Editorial: Preserving open land can protect coasts

Officials and environmentalists are looking to protect places

Officials and environmentalists are looking to protect places like this in Orient, shown on Monday, May 12, 2014, where there has been a call for the U.S Department of Agriculture to designate Long Island Sound and the Peconic Estuary as a critical conservation area. Credit: Randee Daddona

Every year, Long Island officials compile a list of properties that should be preserved and cite the essential role open space plays in keeping our underground aquifer clean. This year, they identified an equally vital reason to protect undeveloped land: coastal resiliency. Open space, the officials correctly noted, helps absorb the impact of severe storms and sea level rise.

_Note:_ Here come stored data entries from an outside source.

Lemma F_of_derive (beta : R) (G : R -> R) x :
  (forall y, 0 < y -> ex_derive G y) -> x < 1 ->
  is_derive (F_of beta G) x (dF_of beta G x).
Proof.
  intros HG Hx.
  assert (Hy : 0 < 1 / (1 - x)) by (apply Rdiv_lt_0_compat; lra).
  assert (Dpow := is_derive_Rpower_1m beta x Hx).
  assert (Dinv : is_derive (fun x => 1 / (1 - x)) x (/ (1 - x) ^ 2))
    by (auto_derive; [lra | field; lra]).
  assert (Dg := is_derive_comp G _ x _ _ (Derive_correct G _ (HG _ Hy)) Dinv).
  assert (D := is_derive_mult _ _ x _ _ Dpow Dg Rmult_comm).
  assert (E : Rpower (1 - x) beta = Rpower (1 - x) (beta - 1) * (1 - x)).
  { replace beta with ((beta - 1) + 1) at 1 by ring.
    rewrite Rpower_plus, Rpower_1 by lra. reflexivity. }
  unfold F_of, g_of, dF_of.
  eapply is_derive_ext; [intros; reflexivity|].
  match goal with |- is_derive _ _ ?l => replace l with
    (plus (mult (- (beta * Rpower (1 - x) (beta - 1))) (G (1 / (1 - x))))
       (mult (Rpower (1 - x) beta) (scal (/ (1 - x) ^ 2) (Derive G (1 / (1 - x)))))) end;
    [exact D|].
  change (- (beta * Rpower (1 - x) (beta - 1)) * G (1 / (1 - x)) +
    Rpower (1 - x) beta * (/ (1 - x) ^ 2 * Derive G (1 / (1 - x))) =
    Rpower (1 - x) (beta - 1) * (- beta * G (1 / (1 - x)) + 1 / (1 - x) * Derive G (1 / (1 - x)))).
  rewrite E. field. lra.
Qed.

Lemma F_of_decay (beta : R) (G : R -> R) C e x :
  0 <= beta -> 0 <= x < 1 ->
  (forall y, 1 <= y ->
     Rabs (G y) <= C * Rpower y e /\ Rabs (y * Derive G y) <= C * Rpower y e) ->
  Rabs (F_of beta G x) <= C * Rpower (1 - x) (beta - e) /\
  Rabs (dF_of beta G x) <= (1 + beta) * C * Rpower (1 - x) (beta - e - 1).
Proof.
  intros Hb Hx HB.
  set (y := 1 / (1 - x)).
  assert (Hy : 1 <= y)
    by (unfold y; apply Rmult_le_reg_r with (1 - x); [lra | field_simplify; lra]).
  assert (Hye : Rpower y e = Rpower (1 - x) (- e))
    by (unfold y, Rdiv; rewrite Rmult_1_l; apply Rpower_inv_base; lra).
  destruct (HB y Hy) as [HG HdG]. rewrite Hye in HG, HdG.
  assert (Hsplit : forall p, Rpower (1 - x) (p - e) = Rpower (1 - x) p * Rpower (1 - x) (- e))
    by (intros; rewrite <- Rpower_plus; f_equal; ring).
  pose proof (Rpower_pos (1 - x) beta). pose proof (Rpower_pos (1 - x) (beta - 1)).
  pose proof (Rpower_pos (1 - x) (- e)).
  unfold F_of, g_of, dF_of; fold y.
  rewrite !Rabs_mult, !(Rabs_pos_eq (Rpower _ _)) by lra.
  replace (beta - e - 1) with ((beta - 1) - e) by ring. rewrite !Hsplit.
  split; [nra|].
  assert (Hsum : Rabs (- beta * G y + y * Derive G y) <= (1 + beta) * C * Rpower (1 - x) (- e)).
  { eapply Rle_trans; [apply Rabs_triang|].
    rewrite Rabs_mult, Rabs_Ropp, (Rabs_pos_eq beta) by lra. nra. }
  nra.
Qed.

Definition F_ext (beta : R) (G : R -> R) (x : R) : R :=
  if Rlt_dec x 1 then F_of beta G x else 0.

Lemma F_ext_eq (beta : R) (G : R -> R) x : x < 1 -> F_ext beta G x = F_of beta G x.
Proof. intros Hx. unfold F_ext. destruct (Rlt_dec x 1); [reflexivity | contradiction]. Qed.

Lemma continuous_at_1_of_decay (P : R -> R) K gam :
  0 < gam -> 0 < K ->
  (forall x, 1 <= x -> P x = 0) ->
  (forall x, 0 <= x < 1 -> Rabs (P x) <= K * Rpower (1 - x) gam) ->
  continuous P 1.
Proof.
  intros Hgam HK Hzero Hdecay. apply continuity_pt_filterlim. intros eps Heps.
  set (delta := Rmin 1 (Rpower (eps / K) (/ gam))).
  assert (Hdelta : 0 < delta) by (apply Rmin_glb_lt; [lra | apply Rpower_pos]).
  exists delta. split; [exact Hdelta|]. intros y [_ Hy]. simpl in *.
  unfold Rdist in *. rewrite (Hzero 1) by lra. rewrite Rminus_0_r.
  destruct (Rlt_le_dec y 1) as [Hy1|Hy1]; [|rewrite Hzero, Rabs_R0 by lra; exact Heps].
  rewrite Rabs_left in Hy by lra.
  assert (Hd1 : delta <= 1) by apply Rmin_l.
  assert (Hd2 : delta <= Rpower (eps / K) (/ gam)) by apply Rmin_r.
  assert (Hsmall : Rpower (1 - y) gam < eps / K).
  { replace (eps / K) with (Rpower (Rpower (eps / K) (/ gam)) gam)
      by (rewrite Rpower_mult, Rinv_l, Rpower_1;
          [reflexivity | apply Rdiv_lt_0_compat | ]; lra).
    apply Rlt_Rpower_l; lra. }
  eapply Rle_lt_trans; [apply Hdecay; lra|].
  apply Rmult_lt_compat_l with (r := K) in Hsmall; [|exact HK].
  replace (K * (eps / K)) with eps in Hsmall by (field; lra). exact Hsmall.
Qed.

Lemma F_ext_derive (beta : R) (G : R -> R) x :
  (forall y, 0 < y -> ex_derive G y) -> x < 1 ->
  is_derive (F_ext beta G) x (dF_of beta G x).
Proof.
  intros HG Hx. apply is_derive_ext_loc with (F_of beta G); [|apply F_of_derive; auto].
  eapply filter_imp; [|apply (open_lt 1 x Hx)].
  intros u Hu. symmetry. apply F_ext_eq, Hu.
Qed.

(* F_ext is continuous everywhere: differentiable below 1, locally zero above
   1, and continuous at 1 by the decay of F. *)
Lemma F_ext_continuous (beta : R) (G : R -> R) K gam x :
  (forall y, 0 < y -> ex_derive G y) -> 0 < gam -> 0 < K ->
  (forall x, 0 <= x < 1 -> Rabs (F_ext beta G x) <= K * Rpower (1 - x) gam) ->
  continuous (F_ext beta G) x.
Proof.
  intros HG Hgam HK Hdecay.
  destruct (Rtotal_order x 1) as [Hx|[Hx|Hx]].
  - apply (@ex_derive_continuous R_AbsRing R_NormedModule).
    eexists. apply F_ext_derive; auto.
  - subst x. apply continuous_at_1_of_decay with K gam; auto.
    intros y Hy. unfold F_ext. destruct (Rlt_dec y 1); [lra | reflexivity].
  - apply continuous_ext_loc with (fun _ => 0); [|apply continuous_const].
    eapply filter_imp; [|apply (open_gt 1 x Hx)].
    intros u Hu. unfold F_ext. destruct (Rlt_dec u 1); [simpl in Hu; lra | reflexivity].
Qed.

(* Choosing γ = min(β/2, 1/4) and e = β - γ, the extension of F meets the
   hypotheses of [power_decay_limit]. *)
Lemma F_ext_power_decay (beta : R) (G : R -> R) :
  0 < beta -> in_calG G ->
  exists K gam, 0 < K /\ 0 < gam < 1/2 /\
    forall x, 0 <= x < 1 ->
      Rabs (F_ext beta G x) <= K * Rpower (1 - x) gam /\
      Rabs (dF_of beta G x) <= K * Rpower (1 - x) (gam - 1).
Proof.
  intros Hb HG.
  set (gam := Rmin (beta / 2) (1 / 4)).
  assert (Hgam : 0 < gam < 1/2 /\ gam <= beta / 2).
  { assert (gam <= 1 / 4) by apply Rmin_r. assert (gam <= beta / 2) by apply Rmin_l.
    assert (0 < gam) by (apply Rmin_glb_lt; lra). lra. }
  destruct (calG_power_bound G (beta - gam) HG) as [C [HC HB]]; [lra|].
  exists ((1 + beta) * C), gam. split; [nra|]. split; [lra|].
  intros x Hx. rewrite F_ext_eq by lra.
  destruct (F_of_decay beta G C (beta - gam) x ltac:(lra) Hx HB) as [HF HdF].
  replace (beta - (beta - gam)) with gam in HF by ring.
  replace (beta - (beta - gam) - 1) with (gam - 1) in HdF by ring.
  assert (0 <= beta * C * Rpower (1 - x) gam)
    by (pose proof (Rpower_pos (1 - x) gam); repeat apply Rmult_le_pos; lra).
  split; lra.
Qed.

Theorem mainTheorem14 (beta : R) (G : R -> R) :
  0 < beta -> in_calG G ->
  is_lim
    (fun t => t * RInt (fun s => F_of beta G s *
                          (F_of beta G s - F_of beta G ((1 - 1 / t) * s))) 0 1)
    p_infty
    (- (1 / 2) * RInt (fun s => (F_of beta G s) ^ 2) 0 1).
Proof.
  intros Hb HG.
  destruct (F_ext_power_decay beta G Hb HG) as [K [gam [HK [Hgam Hdecay]]]].
  destruct HG as [Hder _].
  assert (HM := power_decay_limit (F_ext beta G) (dF_of beta G) K gam
    (fun x => F_ext_continuous beta G K gam x Hder (proj1 Hgam) HK
                (fun x Hx => proj1 (Hdecay x Hx)))
    (fun x Hx => F_ext_derive beta G x Hder (proj2 Hx))
    (fun x Hx => proj1 (Hdecay x Hx)) (fun x Hx => proj2 (Hdecay x Hx)) Hgam HK).
  (* on [0,1] the extension coincides with F, so both sides agree for t >= 2 *)
  rewrite (RInt_ext (fun s => F_ext beta G s ^ 2) (fun s => F_of beta G s ^ 2)) in HM
    by (intros x Hx; rewrite Rmin_left, Rmax_right in Hx by lra; rewrite F_ext_eq by lra;
        reflexivity).
  apply is_lim_ext_loc with (2 := HM). exists 2. intros t Ht. f_equal. apply RInt_ext.
  intros x Hx. rewrite Rmin_left, Rmax_right in Hx by lra.
  assert (0 < 1 / t) by (apply Rdiv_lt_0_compat; lra).
  rewrite !F_ext_eq by nra. reflexivity.
Qed.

A plan developed by three state agencies listed as worthy of protection hundreds of acres on the North and South shores and in the Peconic Estuary. But the economics of land preservation are daunting.

The plan requests that the state set aside $15 million a year for 10 years in the Environmental Protection Fund to purchase open space on Long Island. But EPF money for buying land has been cut by two-thirds since 2008 to about $22 million -- for the whole state. Only $5 million has been spent on Long Island since 2009. Suffolk County's aggressive preservation program also has slowed. Seven years ago, the county began borrowing against future revenue to complete a spate of purchases, but debt service now eats up two-thirds of that revenue. This year's available revenue to buy land is an estimated $7 million. All this comes as concerns grow that developers have renewed interest in properties as the economy improves.

Suffolk could get a one-time boost of $20 million from a public referendum this fall and has worked creatively with towns, private groups and the federal government on some preservation deals. Some East End towns -- notably, Southampton and East Hampton -- are flush with preservation money and could be future partners.

But the state must do its fair share and begin to restore funding for the EPF. Our drinking water -- and the safety of our shoreline communities -- depends on preserving land while we still can.